We both make about the same amount of money and I'm not too worried about our finances. I do worry about our kid. She's really attached to both of us, and the idea of her spending all of her time shuttling back and forth between houses sounds terrible. I definitely think my husband and I would be happier apart than we are together--I think we'd both enjoy being single and maybe we'd each find more suitable partners. I have no concerns about splitting custody because he's truly a great dad. But I struggle with one big thing (messing up my daughter's childhood) and one small thing (feeling ashamed that this would be my second divorce, as I had a short marriage in my 20s when I was young and dumb).
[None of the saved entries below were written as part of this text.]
Lemma card_nbhdD1 x y : y \in nbhd E x -> #|nbhd E x :\ y| = deg E x - 1.
Proof. by rewrite /deg (cardsD1 y (nbhd E x)) => ->; rewrite add1n subn1. Qed.

Lemma non_nbhdF u w : w \in nbhd E u -> (w \in non_nbhd E u) = false.
Proof. by rewrite in_nbhd in_non_nbhd => ->; rewrite andbF. Qed.

Lemma card_nbhdI_non_nbhd_lt_deg u w :
  w \in nbhd E u -> #|nbhd E w :&: non_nbhd E u| < deg E w.
Proof.
move=> uw; apply: (@card_setI_ltn _ _ _ u); first by rewrite in_nbhd adjC -in_nbhd.
by rewrite !inE eqxx.
Qed.

Lemma card_nbhdI_ltn (S : {set V}) x : x \in S -> #|nbhd E x :&: S| < #|S|.
Proof.
by move=> xS; rewrite setIC (card_setI_ltn xS) // in_nbhd adjxx.
Qed.

Lemma joint_nbhd_lower_bound u w : w \in nbhd E u ->
  deg E u - 1 + #|nbhd E w :&: non_nbhd E u| <= #|joint_nbhd E u w|.
Proof.
move=> uw; rewrite -(card_nbhdD1 uw); apply: leq_card_disjointU.
  by rewrite disjoints_subset; apply/subsetP => x; rewrite !inE => /andP [_ ->]; rewrite orbT andbF.
rewrite joint_nbhdE; apply: setUS; apply/subsetP => x; rewrite !inE negb_or.
by case/andP=> -> /andP [->].
Qed.

Lemma joint_nbhd_lower_bound_across (S : {set V}) w x :
  x \in S -> w \notin S -> adj E w x ->
  deg E w + #|nbhd E x :&: S| <= #|joint_nbhd E w x| + #|nbhd E w :&: S|.
Proof.
move=> xS wS wx; set A := nbhd E x :&: S.
have xw : x \in nbhd E w by rewrite in_nbhd.
have lt_AwS : #|A :&: nbhd E w| < #|nbhd E w :&: S|.
  rewrite /A setIC [nbhd E x :&: _]setIC setIA.
  by apply: (card_setI_ltn (y := x)); rewrite !inE ?wx ?xS ?adjxx.
have splitA := cardsID (nbhd E w) A.
have le_joint : #|nbhd E w :\ x| + #|A :\: nbhd E w| <= #|joint_nbhd E w x|.
  apply: leq_card_disjointU.
    by rewrite disjoints_subset; apply/subsetP => y; rewrite !inE => /andP [_ ->].
  rewrite joint_nbhdE setUS //; apply/subsetP => y; rewrite !inE.
  case/and3P=> _ -> yS; rewrite andbT.
  by apply: contraNneq wS => <-.
have deg_w_gt0 : 0 < deg E w by apply/card_gt0P; exists x.
have := card_nbhdD1 xw; lia.
Qed.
Our relationship is relatively low conflict now that I've stopped pestering my husband to be more affectionate to me, so from my kid's perspective, we have a peaceful house. Would you get divorced in this situation? Will it totally screw up my kid's life?
Anonymous
From your kid's perspective, this is what she's seeing as an example of marriage. Is this the kind of marriage you want for her? When she goes to college will you divorce? How do you think she'll feel knowing you wanted to divorce for 10 or so years but didn't because of her? She won't just say "Gee, thanks guys!" She'll feel guilty.
Anonymous
Anonymous wrote:From your kid's perspective, this is what she's seeing as an example of marriage. Is this the kind of marriage you want for her? When she goes to college will you divorce? How do you think she'll feel knowing you wanted to divorce for 10 or so years but didn't because of her? She won't just say "Gee, thanks guys!" She'll feel guilty.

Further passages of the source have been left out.